1. Overview
1.概述
The JVM is one of the oldest yet powerful virtual machines ever built.
JVM是有史以来最古老而强大的虚拟机之一。
In this article, we have a quick look at what it means to warm up a JVM and how to do it.
在这篇文章中,我们将快速了解一下预热JVM的含义以及如何预热。
2. JVM Architecture Basics
2.JVM架构基础
Whenever a new JVM process starts, all required classes are loaded into memory by an instance of the ClassLoader. This process takes place in three steps:
每当一个新的JVM进程启动时,所有需要的类都被ClassLoader的一个实例加载到内存中。这个过程分三步进行。
- Bootstrap Class Loading: The “Bootstrap Class Loader” loads Java code and essential Java classes such as java.lang.Object into memory. These loaded classes reside in JRE\lib\rt.jar.
- Extension Class Loading: The ExtClassLoader is responsible for loading all JAR files located at the java.ext.dirs path. In non-Maven or non-Gradle based applications, where a developer adds JARs manually, all those classes are loaded during this phase.
- Application Class Loading: The AppClassLoader loads all classes located in the application class path.

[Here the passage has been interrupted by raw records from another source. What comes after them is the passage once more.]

(* For a poset $P$ on $\{1,2,\ldots,n\}$ and field $k$, the following are equivalent: (i) $I^{\mathfrak{gr}}_P=I_P$ and $\mathfrak{gr}(R_P)\cong R_P$; (ii) the toric ideal $I_P=\ker(\varphi:S\to R_P)$ is homogeneous for the standard $\mathbb{N}$-grading of $S$ in which each $U_J$ has degree one; (iii) every pair $\{J_1,J_2\}$ of connected order ideals of $P$ that intersects nontrivially has $J_1\cap J_2$ connected.
   Context: All posets are finite. A weak $P$-partition is $f:\{1,\ldots,n\}\to\mathbb{N}$ with $f(i)\ge f(j)$ whenever $i<_Pj$; $R_P\subseteq k[x_1,\ldots,x_n]$ is the span of $\mathbf{x}^f=\prod_ix_i^{f(i)}$ over weak $P$-partitions; $\mathfrak{m}$ is spanned by the $\mathbf{x}^f$ with $f\ne0$; $\mathfrak{gr}(R_P)=\bigoplus_i\mathfrak{m}^i/\mathfrak{m}^{i+1}$. A connected order ideal is a nonempty downward-closed subset whose induced Hasse diagram is connected; $\mathcal{J}_{\mathrm{conn}}(P)$ is the set of these; two of them intersect nontrivially if neither disjoint nor nested; $\Pi(P)$ is the set of such pairs. $S=k[U_J]_{J\in\mathcal{J}_{\mathrm{conn}}(P)}$; $\varphi:S\to R_P$, $U_J\mapsto\prod_{j\in J}x_j$, and $\mathfrak{gr}(\varphi):S\to\mathfrak{gr}(R_P)$ sends $U_J$ to the class of $\prod_{j\in J}x_j$ in $\mathfrak{m}/\mathfrak{m}^2$. $I_P=\ker\varphi$ is generated by $U_{J_1}U_{J_2}-U_{J_1\cup J_2}U_{J^{(1)}}\cdots U_{J^{(t)}}$ ($\{J_1,J_2\}\in\Pi(P)$, $J^{(1)},\ldots,J^{(t)}$ the connected components of $J_1\cap J_2$), and $I^{\mathfrak{gr}}_P=\ker\mathfrak{gr}(\varphi)$ is generated by $U_{J_1}U_{J_2}-U_{J_1\cup J_2}U_{J_1\cap J_2}$ when $J_1\cap J_2$ is connected and $U_{J_1}U_{J_2}$ when disconnected, over $\{J_1,J_2\}\in\Pi(P)$. *)

From HB Require Import structures.
From mathcomp Require Import all_boot all_order all_algebra.
From mathcomp Require Import fingraph.
From mathcomp.multinomials Require Import mpoly.

Set Implicit Arguments.
Unset Strict Implicit.
Unset Printing Implicit Defensive.

Import Order.TTheory GRing.Theory.
Local Open Scope ring_scope.

(* Posets on {0,...,n-1} (= {1,...,n} shifted) given by a relation le. *)

Section Poset.
Variables (n : nat) (le : rel 'I_n).

Definition plt (i j : 'I_n) : bool := le i j && (i != j).

Definition pcover (i j : 'I_n) : bool :=
  plt i j && [forall k, ~~ (plt i k && plt k j)].

Definition hasse_on (J : {set 'I_n}) : rel 'I_n :=
  fun x y => [&& x \in J, y \in J & pcover x y || pcover y x].

Definition hasse_connected (J : {set 'I_n}) : bool :=
  [forall x in J, forall y in J, connect (hasse_on J) x y].

Definition order_ideal (J : {set 'I_n}) : bool :=
  [forall x, forall y, (le x y && (y \in J)) ==> (x \in J)].

Definition conn_ideal (J : {set 'I_n}) : bool :=
  [&& J != set0, order_ideal J & hasse_connected J].

Definition intersect_nontriv (J1 J2 : {set 'I_n}) : bool :=
  [&& ~~ [disjoint J1 & J2], ~~ (J1 \subset J2) & ~~ (J2 \subset J1)].

(* the list of all connected order ideals; U_J is the variable of index
   i where J = nth set0 cideals i *)
Definition cideals : seq {set 'I_n} := [seq J <- enum {set 'I_n} | conn_ideal J].
Definition ncid : nat := size cideals.

(* weak P-partitions, viewed as exponent vectors *)
Definition wpp (f : 'X_{1..n}) : bool :=
  [forall i, forall j, plt i j ==> (f j <= f i)%N].

Variable k : fieldType.

(* R_P : the k-span of the monomials x^f, f a weak P-partition *)
Definition inRP (p : {mpoly k[n]}) : Prop :=
  exists s : seq (k * 'X_{1..n}),
    (forall x, x \in s -> wpp x.2) /\ p = \sum_(x <- s) x.1 *: 'X_[x.2].

(* the ideal m : the k-span of the x^f with f <> 0 a weak P-partition *)
Definition inM (p : {mpoly k[n]}) : Prop :=
  exists s : seq (k * 'X_{1..n}),
    (forall x, x \in s -> wpp x.2 /\ x.2 != 0%MM) /\
    p = \sum_(x <- s) x.1 *: 'X_[x.2].

Fixpoint inMpow (d : nat) (p : {mpoly k[n]}) : Prop :=
  match d with
  | 0 => inRP p
  | d'.+1 => exists s : seq ({mpoly k[n]} * {mpoly k[n]}),
      (forall x, x \in s -> inM x.1 /\ inMpow d' x.2) /\
      p = \sum_(x <- s) x.1 * x.2
  end.

(* S = k[U_J] and phi : S -> R_P, U_J |-> prod_{j in J} x_j *)

Definition phi (q : {mpoly k[ncid]}) : {mpoly k[n]} :=
  mmap (fun c => c%:MP) (fun i : 'I_ncid => \prod_(j in nth set0 cideals i) 'X_j) q.

Definition inIP (q : {mpoly k[ncid]}) : Prop := phi q = 0.

Definition hcomp (d : nat) (q : {mpoly k[ncid]}) : {mpoly k[ncid]} :=
  pihomog (Measure.clone _ mdeg _) d q.

(* The associated graded ring gr(R_P) = (+)_d m^d / m^(d+1), presented as
   a setoid: an element is a finite sequence a with a_d in m^d
   (a representative of the degree-d component), two such are equal iff
   a_d - b_d in m^(d+1) for every d. *)

Definition gr_valid (a : seq {mpoly k[n]}) : Prop :=
  forall d, inMpow d (nth 0 a d).

Definition gr_eq (a b : seq {mpoly k[n]}) : Prop :=
  forall d, inMpow d.+1 (nth 0 a d - nth 0 b d).

Definition gr_add (a b : seq {mpoly k[n]}) : seq {mpoly k[n]} :=
  mkseq (fun d => nth 0 a d + nth 0 b d) (maxn (size a) (size b)).

Definition gr_mul (a b : seq {mpoly k[n]}) : seq {mpoly k[n]} :=
  mkseq (fun d => \sum_(i < d.+1) nth 0 a i * nth 0 b (d - i))
        (size a + size b).

Definition gr_scale (c : k) (a : seq {mpoly k[n]}) : seq {mpoly k[n]} :=
  map (fun x => c *: x) a.

Definition gr_one : seq {mpoly k[n]} := [:: 1].

(* gr(phi) : S -> gr(R_P), the k-algebra map sending U_J to the class of
   prod_{j in J} x_j in m/m^2; on q it sends the degree-d component q_d
   of q to the class of phi(q_d) in m^d/m^(d+1). *)
Definition grphi (q : {mpoly k[ncid]}) : seq {mpoly k[n]} :=
  mkseq (fun d => phi (hcomp d q)) (msize q).

Definition inIgr (q : {mpoly k[ncid]}) : Prop := gr_eq (grphi q) [::].
(* Let $n\ge 2$ and let $X^n=\{x_1,\dots,x_n\}$ be the fence of $n$ points, i.e. the poset whose strict order relations are exactly $x_i<x_{i+1}$ for odd $i$ and $x_i>x_{i+1}$ for even $i$ ($1\le i\le n-1$), so $x_1<x_2>x_3<x_4>\cdots$. Then $\det(X^n_M-\lambda I)=(-1)^n\lambda(\lambda-(n-2))(\lambda+1)^{n-2}$.
   Context: For a finite poset $X=\{x_1,\dots,x_n\}$, $X_M=(x_{i,j})$ is the $n\times n$ matrix with $x_{i,j}=0$ if $x_i\le x_j$ and $x_{i,j}=1$ otherwise. The characteristic polynomial is taken as $p_X(\lambda)=\det(X_M-\lambda I)$. *)

From mathcomp Require Import all_boot all_order all_algebra.
Set Implicit Arguments. Unset Strict Implicit. Unset Printing Implicit Defensive.
Import GRing.Theory.
Local Open Scope ring_scope.

Definition poset_matrix (R : nzRingType) n (le : rel 'I_n) : 'M[R]_n :=
  \matrix_(i, j) (if le i j then 0 else 1).

(* The fence on n points, 0-indexed: x_i (0-based) corresponds to x_{i+1} in the
   paper.  Strict relations: x_k < x_{k+1} for odd 1-based k, x_k > x_{k+1} for even
   1-based k, i.e. the upper element of each adjacent pair is the one with odd
   0-based index.  Since the fence has height 2, x_i <= x_j iff i = j or
   (i, j adjacent and j has odd 0-based index). *)
Definition fence_le n : rel 'I_n :=
  fun i j => (i == j) || (odd (val j) && (((val i).+1 == val j) || ((val j).+1 == val i))).

From mathcomp Require Import all_boot all_order all_algebra ring.
Set Implicit Arguments. Unset Strict Implicit. Unset Printing Implicit Defensive.
Import GRing.Theory.
Local Open Scope ring_scope.

(* Put mu = lambda + 1, let B be the 0/1 matrix of the strict order and J the
   all-ones matrix, so that X_M - lambda I = -(mu I + B - J).  With 0-based
   indices B is supported on (even, odd) pairs, hence B^2 = 0 and
   (mu + B)(mu - B) = mu^2; splitting B into its lower and upper parts L, U,
   which satisfy L U = 0, also gives det (mu - B) = mu^n.  The matrix
   determinant lemma for the rank-one J then yields
   det (mu + B - J) = mu^(n-2) (mu^2 - 1^T (mu - B) 1), and
   1^T (mu - B) 1 = n mu - (n - 1) since the fence has n - 1 cover relations;
   finally mu^2 - n mu + n - 1 = lambda (lambda - (n - 2)). *)

Section RankOneUpdate.
Variables (R : comNzRingType) (n : nat).

Lemma det_scalar_sub_rank1 (a : R) (u : 'cV[R]_n) (w : 'rV[R]_n) :
  \det (a%:M - u *m w) * a = (a - (w *m u) 0 0) * a ^+ n.
Proof.
(* Both sides are det K * a, eliminating in K = [[1, w], [u, a]] in two ways. *)
set K := block_mx (1%:M : 'M_1) w u a%:M.
have eK1 : block_mx 1%:M 0 (- u) 1%:M *m K = block_mx 1%:M w 0 (a%:M - u *m w).
  by rewrite mulmx_block !mul1mx !mul0mx !addr0 mulmx1 addNr mulNmx addrC.
have eK2 : K *m block_mx a%:M 0 (- u) 1%:M = block_mx (a%:M - w *m u) w 0 a%:M.
  rewrite mulmx_block !mulmx0 !mulmx1 mul1mx !add0r mulmxN.
  by rewrite mul_mx_scalar mul_scalar_mx scalerN addrN.
have := congr1 determinant eK1; rewrite det_mulmx det_lblock !det1 !mul1r.
rewrite det_ublock det1 mul1r => <-.
have := congr1 determinant eK2; rewrite det_mulmx det_lblock det_ublock det1 mulr1.
by rewrite !det_scalar expr1 det_mx11 !mxE eqxx mulr1n.
Qed.

Lemma det_sub_rank1 (a : R) (C Q : 'M[R]_n) (u : 'cV[R]_n) (v : 'rV[R]_n) :
  C *m Q = a%:M ->
  \det (C - u *m v) * \det Q * a = (a - (v *m Q *m u) 0 0) * a ^+ n.
Proof.
by move=> CQ; rewrite -det_mulmx mulmxBl CQ -[u *m v *m Q]mulmxA det_scalar_sub_rank1.
Qed.

End RankOneUpdate.

Lemma det_scalar_sub_strict_lower (R : comNzRingType) n (a : R) (L : 'M[R]_n) :
  (forall i j : 'I_n, (i <= j)%N -> L i j = 0) -> \det (a%:M - L) = a ^+ n.
Proof.
move=> L0; rewrite det_trig.
  rewrite (eq_bigr (fun=> a)) ?prodr_const ?card_ord // => i _.
  by rewrite !mxE eqxx mulr1n L0 ?subr0.
apply/is_trig_mxP => i j lt_ij.
rewrite !mxE L0; last exact: ltnW.
by rewrite -val_eqE (ltn_eqF lt_ij) mulr0n subr0.
Qed.

Lemma mulmx_disjoint_supp (R : pzSemiRingType) m n p (P : pred 'I_n)
    (M : 'M[R]_(m, n)) (N : 'M[R]_(n, p)) :
    (forall i j, M i j != 0 -> P j) -> (forall j k, N j k != 0 -> ~~ P j) ->
  M *m N = 0.
Proof.
move=> PM PN; apply/matrixP => i k; rewrite !mxE big1 // => j _.
have [->|/PM Pj] := eqVneq (M i j) 0; first by rewrite mul0r.
have [->|/PN] := eqVneq (N j k) 0; first by rewrite mulr0.
by rewrite Pj.
Qed.

Lemma mulmx_const1_sum (R : pzSemiRingType) m n (A : 'M[R]_(m, n)) :
  ((const_mx 1 : 'rV_m) *m A *m (const_mx 1 : 'cV_n)) 0 0 = \sum_i \sum_j A i j.
Proof.
rewrite mxE exchange_big; apply: eq_bigr => j _; rewrite !mxE mulr1.
by apply: eq_bigr => i _; rewrite mxE mul1r.
Qed.

Lemma sum_scalar_mx_entries (R : pzSemiRingType) n (a : R) :
  \sum_i \sum_j (a%:M : 'M_n) i j = a *+ n.
Proof.
rewrite -[n in RHS]card_ord -sumr_const; apply: eq_bigr => i _.
rewrite (bigD1 i) //= big1 => [|j /negPf]; rewrite mxE ?eqxx ?addr0 //.
by rewrite eq_sym => ->.
Qed.

Section Bipartite.
Variables (R : idomainType) (n : nat) (P : pred 'I_n) (B : 'M[R]_n).
Hypothesis B_supp : forall i j, B i j != 0 -> ~~ P i && P j.

Lemma bipartite_mulmx_self : B *m B = 0.
Proof.
by apply: (mulmx_disjoint_supp (P := P)) => i j /B_supp /andP[].
Qed.

Lemma det_scalar_sub_bipartite (a : R) : a != 0 -> \det (a%:M - B) = a ^+ n.
Proof.
move=> a0.
pose L := \matrix_(i, j) if (j < i)%N then B i j else 0.
pose U := \matrix_(i, j) if (i < j)%N then B i j else 0.
have eB : B = L + U.
  apply/matrixP => i j; rewrite !mxE.
  case: ltngtP => [_|_|/val_inj <-]; rewrite ?addr0 ?add0r //.
  by apply/eqP; apply: contraT => /B_supp; rewrite andNb.
have LU0 : L *m U = 0.
  apply: (mulmx_disjoint_supp (P := P)) => i j; rewrite mxE.
    by case: ifP => [_ /B_supp /andP[]|_]; rewrite ?eqxx.
  by case: ifP => [_ /B_supp /andP[]|_]; rewrite ?eqxx.
have dL : \det (a%:M - L) = a ^+ n.
  by apply: det_scalar_sub_strict_lower => i j le_ij; rewrite mxE ltnNge le_ij.
have dU : \det (a%:M - U) = a ^+ n.
  rewrite -det_tr linearB /= tr_scalar_mx.
  by apply: det_scalar_sub_strict_lower => i j le_ij; rewrite !mxE ltnNge le_ij.
have eLU : (a%:M - L) *m (a%:M - U) = a *: (a%:M - B).
  rewrite mulmxBl !mulmxBr LU0 subr0 -scalar_mxM mul_scalar_mx mul_mx_scalar.
  by rewrite eB scalerBr scalerDr scale_scalar_mx opprD addrA [RHS]addrAC.
apply: (mulfI (expf_neq0 n a0)).
by rewrite -detZ -eLU det_mulmx dL dU.
Qed.

Lemma det_bipartite_sub_rank1 (a : R) (u : 'cV[R]_n) (v : 'rV[R]_n) : a != 0 ->
  \det (a%:M + B - u *m v) * a ^+ 2 = (a ^+ 2 - (v *m (a%:M - B) *m u) 0 0) * a ^+ n.
Proof.
move=> a0; apply: (mulIf (expf_neq0 n a0)).
have CQ : (a%:M + B) *m (a%:M - B) = (a ^+ 2)%:M.
  rewrite mulmxDl !mulmxBr bipartite_mulmx_self subr0.
  by rewrite -scalar_mxM mul_scalar_mx mul_mx_scalar subrK expr2.
have := det_sub_rank1 u v CQ; rewrite det_scalar_sub_bipartite // => key.
by rewrite mulrAC key -mulrA -exprD -exprM mul2n addnn.
Qed.

End Bipartite.

Definition fence_ltn (i j : nat) : bool := odd j && ((i.+1 == j) || (j.+1 == i)).

Lemma fence_ltnn i : fence_ltn i i = false.
Proof. by rewrite /fence_ltn gtn_eqF // orbF andbF. Qed.

Lemma fence_ltn_parity i j : fence_ltn i j -> ~~ odd i && odd j.
Proof.
by case/andP=> oj /orP[]/eqP eij; rewrite oj andbT; move: oj; rewrite -eij /= ?negbK.
Qed.

Lemma fence_ltn_last_col i n : (i < n)%N -> fence_ltn i n = odd n && (i.+1 == n).
Proof. by move=> lt_in; rewrite /fence_ltn (gtn_eqF (leqW lt_in)) orbF. Qed.

Lemma fence_ltn_last_row i n : (i < n)%N -> fence_ltn n i = odd i && (i.+1 == n).
Proof. by move=> lt_in; rewrite /fence_ltn (gtn_eqF (leqW lt_in)). Qed.

Lemma sum_ord_succ_eq (b : nat -> bool) n :
  (\sum_(i < n) (b i && (i.+1 == n)))%N = (0 < n)%N && b n.-1.
Proof.
case: n => [|n]; first by rewrite big_ord0.
rewrite big_ord_recr /= eqxx andbT big1 // => i _.
by rewrite eqSS ltn_eqF ?andbF.
Qed.

Lemma fence_ltn_count n : (\sum_(i < n) \sum_(j < n) fence_ltn i j)%N = n.-1.
Proof.
elim: n => [|n IH]; first by rewrite big_ord0.
rewrite big_ord_recr /= big_ord_recr /= fence_ltnn addn0.
rewrite (eq_bigr (fun i : 'I_n => \sum_(j < n) fence_ltn i j + fence_ltn i n)%N);
  last by move=> i _; rewrite big_ord_recr.
rewrite big_split /= IH.
under eq_bigr => i _ do rewrite fence_ltn_last_col //.
under [X in (_ + X)%N]eq_bigr => i _ do rewrite fence_ltn_last_row //.
rewrite (sum_ord_succ_eq (fun=> odd n)) sum_ord_succ_eq.
by case: n {IH} => [|n] //=; rewrite -addnA addn_negb addn1.
Qed.

Definition fence_lt_mx (R : nzRingType) n : 'M[R]_n := \matrix_(i, j) (fence_ltn i j)%:R.

Lemma map_poset_matrix (R S : nzRingType) (f : {rmorphism R -> S}) n (le : rel 'I_n) :
  map_mx f (poset_matrix R le) = poset_matrix S le.
Proof.
by apply/matrixP => i j; rewrite !mxE; case: (le i j); rewrite ?rmorph0 ?rmorph1.
Qed.

Lemma poset_matrix_fence (R : nzRingType) n :
  poset_matrix R (@fence_le n) = const_mx 1 - 1%:M - fence_lt_mx R n.
Proof.
apply/matrixP => i j; rewrite !mxE /fence_le -[odd _ && _]/(fence_ltn i j).
have [<-|_] := eqVneq i j; first by rewrite fence_ltnn mulr1n subrr subr0.
by case: (fence_ltn i j); rewrite mulr0n subr0 ?subrr ?subr0.
Qed.

Lemma fence_lt_mx_supp (R : nzRingType) n (i j : 'I_n) :
  fence_lt_mx R n i j != 0 -> ~~ odd i && odd j.
Proof.
by rewrite mxE; case: (boolP (fence_ltn i j)) => [/fence_ltn_parity|_]; rewrite ?eqxx.
Qed.

Lemma sum_fence_lt_mx (R : nzRingType) n : \sum_i \sum_j fence_lt_mx R n i j = n.-1%:R.
Proof.
rewrite -fence_ltn_count natr_sum; apply: eq_bigr => i _.
by rewrite natr_sum; apply: eq_bigr => j _; rewrite mxE.
Qed.

Lemma const1_mulmx_fence (R : nzRingType) n (a : R) :
  ((const_mx 1 : 'rV_n) *m (a%:M - fence_lt_mx R n) *m (const_mx 1 : 'cV_n)) 0 0
  = a *+ n - n.-1%:R.
Proof.
rewrite mulmx_const1_sum -sum_fence_lt_mx -sum_scalar_mx_entries -sumrB.
by apply: eq_bigr => i _; rewrite -sumrB; apply: eq_bigr => j _; rewrite !mxE.
Qed.

Theorem mainTheorem14 (n : nat) (hn : (2 <= n)%N) :
  \det (map_mx (@polyC int) (poset_matrix int (@fence_le n)) - 'X%:M)
  = (-1) ^+ n * 'X * ('X - (n - 2)%:R%:P) * ('X + 1) ^+ (n - 2).
Proof.
case: n hn => [|[|m]] // _; rewrite subn2 /=.
set mu : {poly int} := 'X + 1.
have mu0 : mu != 0 by rewrite /mu -polyC1 monic_neq0 ?monicXaddC.
set B := fence_lt_mx {poly int} m.+2.
pose u : 'cV[{poly int}]_m.+2 := const_mx 1.
pose v : 'rV[{poly int}]_m.+2 := const_mx 1.
have eM : map_mx (@polyC int) (poset_matrix int (@fence_le m.+2)) - 'X%:M
          = - (mu%:M + B - u *m v).
  rewrite map_poset_matrix poset_matrix_fence.
  by apply/matrixP => i j; rewrite !mxE big_ord1 !mxE mul1r /mu; ring.
have dK : \det (mu%:M + B - u *m v) = (mu ^+ 2 - (mu *+ m.+2 - m.+1%:R)) * mu ^+ m.
  apply: (mulIf (expf_neq0 2 mu0)).
  rewrite (det_bipartite_sub_rank1 (@fence_lt_mx_supp _ _)) // const1_mulmx_fence.
  by rewrite -mulrA -exprD addn2.
by rewrite eM -scaleN1r detZ dK polyC_natr /mu; ring.
Qed.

This initialization process is based on a lazy loading scheme.
这个初始化过程是基于一个懒惰的加载方案。
3. What Is Warming up the JVM
3.什么是预热JVM?
Once class-loading is complete, all important classes (used at the time of process start) are pushed into the JVM cache (native code) – which makes them accessible faster during runtime. Other classes are loaded on a per-request basis.
一旦类加载完成,所有重要的类(在进程启动时使用)都被推入JVM缓存(本地代码)–这使得它们在运行时可以更快地被访问。其他的类是在每个请求的基础上加载的。
The first request made to a Java web application is often substantially slower than the average response time during the lifetime of the process. This warm-up period can usually be attributed to lazy class loading and just-in-time compilation.
对Java网络应用程序提出的第一个请求往往比该进程生命周期内的平均响应时间要慢得多。这个预热期通常可以归因于懒惰的类加载和及时的编译。
Keeping this in mind, for low-latency applications, we need to cache all classes beforehand – so that they’re available instantly when accessed at runtime.
考虑到这一点,对于低延迟的应用,我们需要事先对所有的类进行缓存–这样它们在运行时就可以立即被访问。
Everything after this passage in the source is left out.